Prime Minister Silveria Jacobs in this group photo with a number of young people and mentors with whom she participated in the reciprocity circle after making her address at the Global Youth Summit.
PHILIPSBURG--Prime Minister Silveria Jacobs delivered the keynote address at the Global Youth Summit on April 20, among others, at the EarthX 2022 Conference held in Dallas, Texas.
Jacobs’ keynote address focused on the importance of the next generation leadership and island leaders aligning efforts to achieve transformative global change. The address was in line with the United Nations Framework Convention on Climate Change (UNFCCC) established an international environmental treaty to combat “dangerous human interference with the climate system,” in part by stabilising greenhouse gas concentrations in the atmosphere. It was signed by 154 states at the United Nations Conference on Environment and Development (UNCED), informally known as the Earth Summit, held in Rio de Janeiro from June 1992.
The address was made to a number of conference stakeholders including YOUNGO, the official children and youth constituency of the UNFCCC. YOUNGO is a global network of children and youth activists (up to 35 years) as well as youth Non-Governmental Organisations (NGOs), who contribute to shaping the intergovernmental climate change policies and strive to empower youth to formally bring their voices to the UNFCCC processes.

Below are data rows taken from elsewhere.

(* Let $X$ be a completely regular I-favorable space and let $\mathcal T$ be the family of all cozero subsets of $X$. Let $\mathcal C$ be a $\mathcal T$-club (defined in the context). For $\mathcal P\subseteq\mathcal R$ in $\mathcal C$ define $q^{\mathcal R}_{\mathcal P}:X/\mathcal R\to X/\mathcal P$ by $q^{\mathcal R}_{\mathcal P}([x]_{\mathcal R})=[x]_{\mathcal P}$, where each $X/\mathcal P$ carries the $\mathcal Q_{\mathcal P}$-topology. Then the limit $Y=\varprojlim\{X/\mathcal R,q^{\mathcal R}_{\mathcal P},\mathcal C\}$ (with $\mathcal C$ directed by inclusion) contains a dense subspace homeomorphic to $X$.
   Context: For a family $\mathcal P$ of subsets of a set $X$ and $x\in X$, $[x]_{\mathcal P}=\{y\in X: \text{for every }V\in\mathcal P,\ x\in V\iff y\in V\}$; $X/\mathcal P$ is the set of all classes $[x]_{\mathcal P}$, and $q_{\mathcal P}:X\to X/\mathcal P$, $q_{\mathcal P}(x)=[x]_{\mathcal P}$, is the $\mathcal Q_{\mathcal P}$-map. The $\mathcal Q_{\mathcal P}$-topology on $X/\mathcal P$ is the coarsest topology containing all sets $q_{\mathcal P}[V]$, $V\in\mathcal P$. For a family $\mathcal R$ of subsets of $X$, $\mathcal R_{seq}$ is the family of all sets $W$ for which there are $\{U_n\}_{n\in\omega}\subseteq\mathcal R$ and $\{V_n\}_{n\in\omega}\subseteq\mathcal R$ with $U_k\subseteq X\setminus V_k\subseteq U_{k+1}$ for all $k$ and $\bigcup_n U_n=W$. Open-open game: at inning $n$ Player I chooses a non-empty open $A_n$, Player II a non-empty open $B_n\subseteq A_n$; Player I wins if $\bigcup_n B_n$ is dense; $X$ is I-favorable if Player I has a winning strategy. A strategy is a function $\sigma$ on finite sequences (including the empty one) of members of a family of sets with values in that family; a family $\mathcal P$ is closed under $\sigma$ if $\sigma(\emptyset)\in\mathcal P$ and $\sigma(B_0,\dots,B_n)\in\mathcal P$ whenever $B_0,\dots,B_n\in\mathcal P$. $\mathcal T$-club: for each $W\in\mathcal T$ fix sequences $\{U^W_n\},\{V^W_n\}\subseteq\mathcal T$ witnessing $W\in\mathcal T_{seq}$ (possible since $W=f^{-1}((0,1])$ for a continuous $f:X\to[0,1]$). Choose $\sigma^*_k(\emptyset)\in\mathcal T$ for each $k$, put $\sigma^*_{2n}(W)=U^W_n$, $\sigma^*_{2n+1}(W)=V^W_n$ and $\sigma^*_k(S)=\sigma^*_k(\emptyset)$ for all other finite sequences $S$. Let also $\sigma_\cup(A_0,\dots,A_n)=A_0\cup\dots\cup A_n$ and $\sigma_\cap(A_0,\dots,A_n)=A_0\cap\dots\cap A_n$, and fix a winning strategy for Player I with values in $\mathcal T$. For a countable $\mathcal Q\subseteq\mathcal T$ let $\mathcal P(\mathcal Q)$ be the smallest family with $\mathcal Q\subseteq\mathcal P(\mathcal Q)\subseteq\mathcal T$ closed under this winning strategy, all $\sigma^*_k$, $\sigma_\cup$ and $\sigma_\cap$. A $\mathcal T$-club is the collection $\mathcal C=\{\mathcal P(\mathcal Q):\mathcal Q\subseteq\mathcal T\text{ countable}\}$; each member is countable, a ring of sets (closed under finite unions and intersections), contained in its own $seq$-family and closed under a winning strategy for Player I. *)

From HB Require Import structures.
From mathcomp Require Import all_boot all_order all_algebra.
From mathcomp Require Import all_classical all_reals all_analysis.
From mathcomp Require Import Rstruct Rstruct_topology.
Set Implicit Arguments. Unset Strict Implicit. Unset Printing Implicit Defensive.
Import Order.TTheory GRing.Theory Num.Theory.
Local Open Scope classical_set_scope.
Local Open Scope ring_scope.

Notation RR := Rdefinitions.R.

Definition cozero (X : topologicalType) (W : set X) : Prop :=
  exists f : X -> RR, continuous f /\ (forall x, 0 <= f x <= 1) /\
    W = [set x | 0 < f x].

Definition completely_regular (X : topologicalType) : Prop :=
  (forall x : X, closed [set x]) /\
  forall (A : set X) (x : X), closed A -> ~ A x ->
    exists f : X -> RR, continuous f /\ (forall z, 0 <= f z <= 1) /\
      f x = 0 /\ (forall z, A z -> f z = 1).

(* Open-open game. A position is the sequence (B_0,...,B_{n-1}) of
   Player II's moves; Player I answers sigma (B_0,...,B_{n-1}) = A_n. *)
Definition legal_position (X : topologicalType)
    (sigma : seq (set X) -> set X) (s : seq (set X)) : Prop :=
  forall i, (i < size s)%N ->
    open (nth set0 s i) /\ nth set0 s i !=set0 /\
    nth set0 s i `<=` sigma (take i s).

Definition I_winning_strategy (X : topologicalType)
    (sigma : seq (set X) -> set X) : Prop :=
  (forall s, legal_position sigma s -> open (sigma s) /\ sigma s !=set0) /\
  (forall B : nat -> set X,
     (forall n, open (B n) /\ B n !=set0 /\ B n `<=` sigma (mkseq B n)) ->
     dense (\bigcup_n B n)).

Definition I_favorable (X : topologicalType) : Prop :=
  exists sigma : seq (set X) -> set X, I_winning_strategy sigma.

Fixpoint all_in (X : Type) (F : set (set X)) (s : seq (set X)) : Prop :=
  match s with [::] => True | A :: s' => F A /\ all_in F s' end.

Definition closed_under (X : Type) (F : set (set X))
    (st : seq (set X) -> set X) : Prop :=
  forall s, all_in F s -> F (st s).

(* sigma*_k : sigma*_{2n}(W) = U^W_n, sigma*_{2n+1}(W) = V^W_n,
   and sigma*_k(S) = sigma*_k(empty) = e k otherwise. *)
Definition sigma_star (X : Type) (U V : set X -> nat -> set X)
    (e : nat -> set X) (k : nat) (s : seq (set X)) : set X :=
  match s with
  | [:: W] => if odd k then V W k./2 else U W k./2
  | _ => e k
  end.

(* U, V witness W \in T_seq for every W \in T. *)
Definition seq_witnesses (X : Type) (T : set (set X))
    (U V : set X -> nat -> set X) : Prop :=
  forall W, T W ->
    (forall n, T (U W n) /\ T (V W n)) /\
    (forall k, U W k `<=` ~` V W k /\ ~` V W k `<=` U W k.+1) /\
    \bigcup_n U W n = W.

(* P(Q): the smallest family F with Q <= F <= T, closed under sigma,
   every sigma*_k, sigma_cup and sigma_cap (finite non-empty unions and
   intersections). *)
Definition Pgen (X : Type) (T : set (set X)) (U V : set X -> nat -> set X)
    (e : nat -> set X) (sigma : seq (set X) -> set X) (Q : set (set X))
    : set (set X) :=
  [set W | forall F : set (set X),
     Q `<=` F -> F `<=` T -> closed_under F sigma ->
     (forall k, closed_under F (sigma_star U V e k)) ->
     (forall A B, F A -> F B -> F (A `|` B)) ->
     (forall A B, F A -> F B -> F (A `&` B)) -> F W].

Definition is_T_club (X : topologicalType) (C : set (set (set X))) : Prop :=
  exists (U V : set X -> nat -> set X) (e : nat -> set X)
         (sigma : seq (set X) -> set X),
    seq_witnesses (@cozero X) U V /\
    (forall k, cozero (e k)) /\
    I_winning_strategy sigma /\ (forall s, cozero (sigma s)) /\
    C = [set P | exists Q : set (set X),
                  Q `<=` @cozero X /\ countable Q /\
                  P = Pgen (@cozero X) U V e sigma Q].

Definition cls (X : Type) (P : set (set X)) (x : X) : set X :=
  [set y | forall V, P V -> (V x <-> V y)].

Definition quot (X : Type) (P : set (set X)) : set (set X) :=
  [set c | exists x, c = cls P x].

Definition is_topology_on (T : Type) (A : set T) (tau : set (set T)) : Prop :=
  (forall O, tau O -> O `<=` A) /\ tau A /\
  (forall O1 O2, tau O1 -> tau O2 -> tau (O1 `&` O2)) /\
  (forall F : set (set T), F `<=` tau -> tau (\bigcup_(O in F) O)).

Definition gen_top_on (T : Type) (A : set T) (S : set (set T)) : set (set T) :=
  [set O | forall tau, is_topology_on A tau -> S `<=` tau -> tau O].

Definition Qtop (X : Type) (P : set (set X)) : set (set (set X)) :=
  gen_top_on (quot P) [set cls P @` V | V in P].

In her keynote address, Jacobs thanked EarthX organisers and stakeholders for the invitation to address the meeting and pledged her continued support for youth agencies, underscoring the need to empower them and to facilitate their participation at the national level. “As SIDS (Small Island Development States), given our limited capacity, opportunities to engage with stakeholders, ensures that the best solution, and not custom, is the basis of the decisions taken to achieve our shared global mission as leaders: improving quality of life for our people,” Jacobs said in her address.
In 2009, the UNFCCC secretariat extended constituency status to admitted youth NGOs YOUNGO’s vision is to empower children and youth to take action and works to enhance their skills and capacity to drive the necessary and ambitious climate actions and policies at all levels towards a liveable climate just future.
YOUNGO representatives make official statements, provide technical and policy inputs to negotiations, and engage with decision-makers at the UN climate change conferences, and promote youth participation in climate change projects at local and national levels.
In the beginning of her address, Jacobs reflected: “I remember fondly growing up in the 1970s eating coal pot food. By this time, an eroding manner of daily food preparation, this custom was still practiced by older persons, who looked on with contempt at the new and modern electric stoves that began to fill many homes during this era.
“This custom involved a coal-filled cast-iron pot or skillet used to prepare traditional foods such as Johnny cakes, the fluffy golden-coloured circular shaped breads, that we ate with steamed fish, and conchies a corn-based banana-wrapped pie...just some of the many delicacies that peppered our pallets on the sun drenched and slow-paced life on the Caribbean Island of St. Maarten.
“Coal has been the historic and most prevalent energy source for many countries, powering our factories, moving our ships, or, as my recollection demonstrated, the means to nourish families. As my story also demonstrated, change is often hard as it accompanies a reflective, often existential review of one’s habits and the impact they may negatively have not only on ourselves but on our environment as well.
“The scientific community had begun to realise that despite its reliability and relative abundance, coal’s negative impact on the environment was concerning and its continued use, particularly in large industrial amounts, contributed to an increase in greenhouse gases. Despite the elders’ relative contempt for the “new,” it must be stated that their individual subsistence-based use of coal had a very negligible impact on global greenhouse gas. But, if we scale-up these individual points of views to a community, city, national, or even global level, we quickly see how custom or tradition, often combined with economic or financial limitations, makes bringing about change a challenge.
“As an educator by profession, I have long been captivated by the youth’s willingness to peel back the layers to examine, critique and question norms. This is their strength! Often unhindered by tradition and full of optimism, this willingness to dissect combined with fresh ideas means youth are often well-equipped to address the ever-changing and multidimensional issues that form our common agenda.”
Jacobs added that, “If I as an island leader only embraced the ideas and strategies of the older generation, I would be guided by ideas and strategies anachronistic and unable to address future needs, very much like the elder in my opening story who was unable to adopt to shifting energy infrastructures. If we as island leaders don’t facilitate the participation of the next generation, we will only undermine our development and limit our scope to bring about sustainable development and real change at the global level.
Jacobs said she liked how the St. Maarten Youth Parliament, among others, remains a stakeholder with which government consults. The work of YOUNGO, as a constituency of UNFCCC, is vital in bringing about policies that transform the structures necessary to meet the challenges of tomorrow. “I am encouraged by the great work that this organisation does and commend UNFCCC for recognising the important role that youth have in climate-related discussions.”
Jacobs said she was happy to engage with the youth at the summit and sees the opportunity for youth representatives of St. Maarten to be at EarthX 2023 as well as other international youth forums where the country will then have a voice.